Work request:
Begin at the line below that contains "(collinear (phi x)" and write out every line from there to the end of the entries, exactly.

BEGIN Data to use

(* Let $\Gamma = \{(x,y) \in \mathbb{R}^2 : y^2 = x^3 - x^2,\ x \neq 0\} \cup \{O\} \subset \mathbb{RP}^2$, where $O$ is the point at infinity lying on all lines parallel to the $y$-axis (and on the line at infinity). Define $\phi : \mathbb{R}/\mathbb{Z} \to \Gamma$ by $\phi(0) = O$ and, for $x \neq 0$, $\phi(x) = \left(\cot(\pi x)^2 + 1,\ \cot(\pi x)(\cot(\pi x)^2 + 1)\right)$. Then $\phi$ is a well-defined bijection, and for any three distinct elements $x, y, z \in \mathbb{R}/\mathbb{Z}$, the points $\phi(x), \phi(y), \phi(z)$ are collinear in $\mathbb{RP}^2$ if and only if $x + y + z = 0$ in $\mathbb{R}/\mathbb{Z}$. *)

From Stdlib Require Import Reals Lra ZArith ClassicalDescription.
Open Scope R_scope.

(* Points of RP^2 that can lie on Gamma: affine points (x,y) = [x:y:1],
   and the point O = [0:1:0] at infinity in the direction of the y-axis. *)
Inductive pt : Type :=
| Aff : R -> R -> pt
| O : pt.

Definition hX (p : pt) : R := match p with Aff x _ => x | O => 0 end.
Definition hY (p : pt) : R := match p with Aff _ y => y | O => 1 end.
Definition hZ (p : pt) : R := match p with Aff _ _ => 1 | O => 0 end.

Definition on_line (a b c : R) (p : pt) : Prop :=
  a * hX p + b * hY p + c * hZ p = 0.

Definition collinear (p q r : pt) : Prop :=
  exists a b c : R, ~ (a = 0 /\ b = 0 /\ c = 0) /\
    on_line a b c p /\ on_line a b c q /\ on_line a b c r.

Definition in_Gamma (p : pt) : Prop :=
  match p with
  | Aff x y => y ^ 2 = x ^ 3 - x ^ 2 /\ x <> 0
  | O => True
  end.

(* R/Z is represented by R, with equality modulo integers *)
Definition eqZ (x y : R) : Prop := exists k : Z, x - y = IZR k.

Definition cot (t : R) : R := cos t / sin t.

Definition phi (x : R) : pt :=
  if excluded_middle_informative (exists k : Z, x = IZR k) then O
  else let c := cot (PI * x) in Aff (c ^ 2 + 1) (c * (c ^ 2 + 1)).

(* Writing t = cot(pi x), the point phi(x) is (t^2+1, t(t^2+1)), and the line
   aX + bY + cZ = 0 meets Gamma at the roots t of the cubic
   b t^3 + a t^2 + b t + (a + c).  Three distinct affine points are thus
   collinear iff t1 t2 + t1 t3 + t2 t3 = 1 (Vieta), and O lies on a line
   with two of them iff t2 + t3 = 0.  The addition formulas
   sin(a+b) = sin a sin b (cot a + cot b) and
   sin(a+b+c) = sin a sin b sin c (cot a cot b + cot a cot c + cot b cot c - 1)
   turn these conditions into sin(pi (x+y+z)) = 0, i.e. x+y+z in Z. *)
From Stdlib Require Import Reals ZArith.
From Stdlib Require Import Lra Classical ClassicalDescription.
Open Scope R_scope.

Definition curve_pt (t : R) : pt := Aff (t ^ 2 + 1) (t * (t ^ 2 + 1)).

Lemma curve_pt_in_Gamma t : in_Gamma (curve_pt t).
Proof.
  split; [ring|].
  assert (0 <= t * t) by apply Rle_0_sqr. nra.
Qed.

Lemma curve_pt_inj t s : curve_pt t = curve_pt s -> t = s.
Proof.
  intro E. injection E as Ex Ey. rewrite Ex in Ey.
  assert (0 <= s * s) by apply Rle_0_sqr.
  apply (Rmult_eq_reg_r (s ^ 2 + 1)); nra.
Qed.

Lemma Gamma_curve_pt u v : in_Gamma (Aff u v) -> Aff u v = curve_pt (v / u).
Proof.
  intros [Hc Hu]. set (t := v / u).
  assert (Hut : u = t ^ 2 + 1).
  { apply (Rmult_eq_reg_l (u ^ 2)); [|apply pow_nonzero; exact Hu].
    unfold t. field_simplify; [rewrite Hc; ring | exact Hu]. }
  assert (Hvt : v = t * u) by (unfold t; field; exact Hu).
  unfold curve_pt. rewrite Hvt, Hut. reflexivity.
Qed.

Lemma collinear_swap12 p q r : collinear p q r <-> collinear q p r.
Proof. split; intros (a & b & c & H); exists a, b, c; tauto. Qed.

Lemma collinear_swap23 p q r : collinear p q r <-> collinear p r q.
Proof. split; intros (a & b & c & H); exists a, b, c; tauto. Qed.

Lemma on_line_curve_pt a b c t :
  on_line a b c (curve_pt t) <-> b * t ^ 3 + a * t ^ 2 + b * t + (a + c) = 0.
Proof.
  unfold on_line, curve_pt, hX, hY, hZ.
  replace (a * (t ^ 2 + 1) + b * (t * (t ^ 2 + 1)) + c * 1)
    with (b * t ^ 3 + a * t ^ 2 + b * t + (a + c)) by ring.
  reflexivity.
Qed.

Lemma collinear_curve_pt t1 t2 t3 : t1 <> t2 -> t1 <> t3 -> t2 <> t3 ->
  collinear (curve_pt t1) (curve_pt t2) (curve_pt t3) <->
  t1 * t2 + t1 * t3 + t2 * t3 = 1.
Proof.
  intros H12 H13 H23. split.
  - intros (a & b & c & Hn & E1 & E2 & E3).
    rewrite on_line_curve_pt in E1, E2, E3.
    pose (f t := b * t ^ 3 + a * t ^ 2 + b * t + (a + c)).
    change (f t1 = 0) in E1. change (f t2 = 0) in E2. change (f t3 = 0) in E3.
    set (D := (t1 - t2) * (t1 - t3) * (t2 - t3)).
    assert (HD : D <> 0).
    { unfold D. repeat apply Rmult_integral_contrapositive_currified; lra. }
    (* second divided differences of the cubic f *)
    assert (K1 : D * (a + b * (t1 + t2 + t3)) = 0).
    { replace (D * (a + b * (t1 + t2 + t3)))
        with ((t1 - t3) * (f t1 - f t2) - (t1 - t2) * (f t1 - f t3))
        by (unfold f, D; ring).
      rewrite E1, E2, E3. ring. }
    assert (K2 : D * (b * (1 - (t1 * t2 + t1 * t3 + t2 * t3))) = 0).
    { replace (D * (b * (1 - (t1 * t2 + t1 * t3 + t2 * t3))))
        with ((t1 - t3) * (t2 - t3) * (f t1 - f t2)
              - (t1 + t2) * (D * (a + b * (t1 + t2 + t3))))
        by (unfold f, D; ring).
      rewrite K1, E1, E2. ring. }
    apply Rmult_integral in K1 as [|K1]; [contradiction|].
    apply Rmult_integral in K2 as [|K2]; [contradiction|].
    apply Rmult_integral in K2 as [Hb|K2]; [|lra].
    exfalso. apply Hn. subst b. assert (a = 0) by lra. subst a.
    unfold f in E1. repeat split; lra.
  - intro He2. set (e1 := t1 + t2 + t3). set (e3 := t1 * t2 * t3).
    exists (- e1), 1, (e1 - e3).
    assert (G : forall t, on_line (- e1) 1 (e1 - e3) (curve_pt t)
                          <-> (t - t1) * (t - t2) * (t - t3) = 0).
    { intro t. rewrite on_line_curve_pt.
      replace (1 * t ^ 3 + - e1 * t ^ 2 + 1 * t + (- e1 + (e1 - e3)))
        with ((t - t1) * (t - t2) * (t - t3)
              + t * (1 - (t1 * t2 + t1 * t3 + t2 * t3))) by (unfold e1, e3; ring).
      rewrite He2, Rminus_diag, Rmult_0_r, Rplus_0_r. reflexivity. }
    rewrite !G. repeat split; try lra; ring.
Qed.

Lemma collinear_O_curve_pt t2 t3 : t2 <> t3 ->
  collinear O (curve_pt t2) (curve_pt t3) <-> t2 + t3 = 0.
Proof.
  intro H23. split.
  - intros (a & b & c & Hn & EO & E2 & E3).
    unfold on_line, hX, hY, hZ in EO. rewrite on_line_curve_pt in E2, E3.
    assert (b = 0) by lra. subst b.
    assert (K : a * ((t2 - t3) * (t2 + t3)) = 0) by lra.
    apply Rmult_integral in K as [Ha|K].
    + exfalso. apply Hn. subst a. repeat split; lra.
    + apply Rmult_integral in K as [|]; lra.
  - intro H. exists 1, 0, (- (t2 ^ 2 + 1)).
    rewrite !on_line_curve_pt. unfold on_line, hX, hY, hZ.
    replace t3 with (- t2) by lra. repeat split; try lra; ring.
Qed.

Lemma cot_eq_iff a b : sin a <> 0 -> sin b <> 0 ->
  cot a = cot b <-> sin (a - b) = 0.
Proof.
  intros Ha Hb. rewrite sin_minus. unfold cot. split; intro H.
  - apply (f_equal (fun u => u * (sin a * sin b))) in H.
    field_simplify in H; [lra | exact Hb | exact Ha].
  - apply (Rmult_eq_reg_r (sin a * sin b));
      [|apply Rmult_integral_contrapositive_currified; assumption].
    replace (cos a / sin a * (sin a * sin b)) with (cos a * sin b) by (field; exact Ha).
    replace (cos b / sin b * (sin a * sin b)) with (sin a * cos b) by (field; exact Hb).
    lra.
Qed.

Lemma sin_add_cot a b : sin a <> 0 -> sin b <> 0 ->
  sin (a + b) = sin a * sin b * (cot a + cot b).
Proof. intros. rewrite sin_plus. unfold cot. field. auto. Qed.

Lemma sin_add3_cot a b c : sin a <> 0 -> sin b <> 0 -> sin c <> 0 ->
  sin (a + b + c) =
  sin a * sin b * sin c * (cot a * cot b + cot a * cot c + cot b * cot c - 1).
Proof. intros. rewrite !sin_plus, cos_plus. unfold cot. field. auto. Qed.

Lemma Rmult_eq0_l (u v : R) : u <> 0 -> u * v = 0 <-> v = 0.
Proof.
  intro Hu. split; intro H; [|rewrite H; ring].
  apply Rmult_integral in H as [|]; [contradiction | assumption].
Qed.

Definition isint (x : R) : Prop := exists k : Z, x = IZR k.

Lemma eqZ_isint x y : eqZ x y <-> isint (x - y).
Proof. reflexivity. Qed.

Lemma isint_sin x : isint x <-> sin (PI * x) = 0.
Proof.
  split.
  - intros [k Hk]. apply sin_eq_0_1. exists k. rewrite Hk. ring.
  - intro H. destruct (sin_eq_0_0 _ H) as [k Hk]. exists k.
    apply (Rmult_eq_reg_l PI); [|exact PI_neq0]. rewrite Hk. ring.
Qed.

Lemma sin_pi_neq0 x : ~ isint x -> sin (PI * x) <> 0.
Proof. intros H E. apply H, isint_sin, E. Qed.

Lemma isint_addl x y : isint x -> isint (x + y) <-> isint y.
Proof.
  intros [k Hk]. split.
  - intros [m Hm]. exists (m - k)%Z. rewrite minus_IZR. lra.
  - intros [m Hm]. exists (k + m)%Z. rewrite plus_IZR. lra.
Qed.

Lemma isint_sub x y : isint x -> isint y -> isint (x - y).
Proof. intros [k Hk] [m Hm]. exists (k - m)%Z. rewrite minus_IZR. lra. Qed.

Lemma isint_0 : isint 0.
Proof. exists 0%Z. reflexivity. Qed.

Lemma cot_pi_eq_iff x y : ~ isint x -> ~ isint y ->
  cot (PI * x) = cot (PI * y) <-> isint (x - y).
Proof.
  intros Hx Hy. rewrite cot_eq_iff by (apply sin_pi_neq0; assumption).
  rewrite isint_sin, Rmult_minus_distr_l. reflexivity.
Qed.

Lemma isint_add_cot_pi y z : ~ isint y -> ~ isint z ->
  isint (y + z) <-> cot (PI * y) + cot (PI * z) = 0.
Proof.
  intros Hy Hz. pose proof (sin_pi_neq0 _ Hy). pose proof (sin_pi_neq0 _ Hz).
  rewrite isint_sin, Rmult_plus_distr_l, sin_add_cot by assumption.
  apply Rmult_eq0_l, Rmult_integral_contrapositive_currified; assumption.
Qed.

Lemma isint_add3_cot_pi x y z : ~ isint x -> ~ isint y -> ~ isint z ->
  isint (x + y + z) <->
  cot (PI * x) * cot (PI * y) + cot (PI * x) * cot (PI * z)
  + cot (PI * y) * cot (PI * z) = 1.
Proof.
  intros Hx Hy Hz.
  pose proof (sin_pi_neq0 _ Hx). pose proof (sin_pi_neq0 _ Hy).
  pose proof (sin_pi_neq0 _ Hz).
  rewrite isint_sin, !Rmult_plus_distr_l, sin_add3_cot by assumption.
  rewrite Rmult_eq0_l by (repeat apply Rmult_integral_contrapositive_currified; assumption).
  split; lra.
Qed.

Lemma cot_pi_surj t : exists x, ~ isint x /\ cot (PI * x) = t.
Proof.
  set (x := (PI / 2 - atan t) / PI).
  assert (Ex : PI * x = PI / 2 - atan t) by (unfold x; field; exact PI_neq0).
  assert (Hs : sin (PI * x) <> 0).
  { rewrite Ex, sin_shift. pose proof (atan_bound t).
    assert (0 < cos (atan t)) by (apply cos_gt_0; lra). lra. }
  exists x. split.
  - intro H. apply Hs, isint_sin, H.
  - unfold cot. rewrite Ex, sin_shift, cos_shift. apply tan_atan.
Qed.

Lemma phi_int x : isint x -> phi x = O.
Proof. intro H. unfold phi. destruct excluded_middle_informative; tauto. Qed.

Lemma phi_nint x : ~ isint x -> phi x = curve_pt (cot (PI * x)).
Proof.
  intro H. unfold phi. destruct excluded_middle_informative; [tauto | reflexivity].
Qed.

Lemma phi_eqZ x y : eqZ x y -> phi x = phi y.
Proof.
  rewrite eqZ_isint. intro Hd. destruct (classic (isint x)) as [Hx|Hx].
  - assert (Hy : isint y).
    { replace y with (x - (x - y)) by ring. apply isint_sub; assumption. }
    rewrite (phi_int _ Hx), (phi_int _ Hy). reflexivity.
  - assert (Hy : ~ isint y).
    { intro Hy. apply Hx. replace x with (y + (x - y)) by ring.
      apply isint_addl; assumption. }
    rewrite (phi_nint _ Hx), (phi_nint _ Hy), (proj2 (cot_pi_eq_iff _ _ Hx Hy) Hd).
    reflexivity.
Qed.

Lemma phi_in_Gamma x : in_Gamma (phi x).
Proof.
  destruct (classic (isint x)) as [Hx|Hx].
  - rewrite (phi_int _ Hx). exact I.
  - rewrite (phi_nint _ Hx). apply curve_pt_in_Gamma.
Qed.

Lemma phi_inj x y : phi x = phi y -> eqZ x y.
Proof.
  rewrite eqZ_isint. intro E.
  destruct (classic (isint x)) as [Hx|Hx]; destruct (classic (isint y)) as [Hy|Hy].
  - apply isint_sub; assumption.
  - rewrite (phi_int _ Hx), (phi_nint _ Hy) in E. discriminate.
  - rewrite (phi_nint _ Hx), (phi_int _ Hy) in E. discriminate.
  - rewrite (phi_nint _ Hx), (phi_nint _ Hy) in E.
    apply (cot_pi_eq_iff _ _ Hx Hy), curve_pt_inj, E.
Qed.

Lemma phi_surj p : in_Gamma p -> exists x, phi x = p.
Proof.
  destruct p as [u v|]; intro Hp.
  - destruct (cot_pi_surj (v / u)) as (x & Hx & Ct).
    exists x. rewrite (phi_nint _ Hx), Ct. symmetry. apply Gamma_curve_pt, Hp.
  - exists 0. apply phi_int, isint_0.
Qed.

Lemma cot_pi_neq x y : ~ isint x -> ~ isint y -> ~ eqZ x y ->
  cot (PI * x) <> cot (PI * y).
Proof. intros Hx Hy Hxy E. apply Hxy, (cot_pi_eq_iff _ _ Hx Hy), E. Qed.

Lemma phi_collinear_O x y z : isint x -> ~ eqZ x y -> ~ eqZ x z -> ~ eqZ y z ->
  collinear (phi x) (phi y) (phi z) <-> isint (x + y + z).
Proof.
  intros Hx Hxy Hxz Hyz.
  assert (Hy : ~ isint y) by (intro Hy; apply Hxy, isint_sub; assumption).
  assert (Hz : ~ isint z) by (intro Hz; apply Hxz, isint_sub; assumption).
  rewrite (phi_int _ Hx), (phi_nint _ Hy), (phi_nint _ Hz),
    collinear_O_curve_pt by (apply cot_pi_neq; assumption).
  rewrite Rplus_assoc, (isint_addl _ _ Hx), isint_add_cot_pi by assumption.
  reflexivity.
Qed.

Lemma phi_collinear_aff x y z : ~ isint x -> ~ isint y -> ~ isint z ->
  ~ eqZ x y -> ~ eqZ x z -> ~ eqZ y z ->
  collinear (phi x) (phi y) (phi z) <-> isint (x + y + z).
Proof.
  intros Hx Hy Hz Hxy Hxz Hyz.
  rewrite (phi_nint _ Hx), (phi_nint _ Hy), (phi_nint _ Hz),
    collinear_curve_pt by (apply cot_pi_neq; assumption).
  rewrite isint_add3_cot_pi by assumption. reflexivity.
Qed.

Lemma eqZ_sym x y : ~ eqZ x y -> ~ eqZ y x.
Proof.
  intros H E. apply H. rewrite eqZ_isint in *.
  replace (x - y) with (0 - (y - x)) by ring. apply isint_sub; [apply isint_0 | exact E].
Qed.

Lemma phi_collinear x y z : ~ eqZ x y -> ~ eqZ y z -> ~ eqZ x z ->
  collinear (phi x) (phi y) (phi z) <-> eqZ (x + y + z) 0.
Proof.
  intros Hxy Hyz Hxz. rewrite eqZ_isint, Rminus_0_r.
  pose proof (eqZ_sym _ _ Hxy). pose proof (eqZ_sym _ _ Hyz).
  pose proof (eqZ_sym _ _ Hxz).
  destruct (classic (isint x)) as [Hx|Hx]; [apply phi_collinear_O; assumption|].
  destruct (classic (isint y)) as [Hy|Hy].
  { rewrite collinear_swap12, phi_collinear_O by assumption.
    replace (y + x + z) with (x + y + z) by ring. reflexivity. }
  destruct (classic (isint z)) as [Hz|Hz].
  { rewrite collinear_swap23, collinear_swap12, phi_collinear_O by assumption.
    replace (z + x + y) with (x + y + z) by ring. reflexivity. }
  apply phi_collinear_aff; assumption.
Qed.

Theorem proposition4 :
  (forall x y : R, eqZ x y -> phi x = phi y) /\
  (forall x : R, in_Gamma (phi x)) /\
  (forall x y : R, phi x = phi y -> eqZ x y) /\
  (forall p : pt, in_Gamma p -> exists x : R, phi x = p) /\
  (forall x y z : R, ~ eqZ x y -> ~ eqZ y z -> ~ eqZ x z ->
     (collinear (phi x) (phi y) (phi z) <-> eqZ (x + y + z) 0)).
Proof.
  exact (conj phi_eqZ (conj phi_in_Gamma (conj phi_inj (conj phi_surj phi_collinear)))).
Qed.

END Data to use

Task answer:
     (collinear (phi x) (phi y) (phi z) <-> eqZ (x + y + z) 0)).
Proof.
  exact (conj phi_eqZ (conj phi_in_Gamma (conj phi_inj (conj phi_surj phi_collinear)))).
Qed.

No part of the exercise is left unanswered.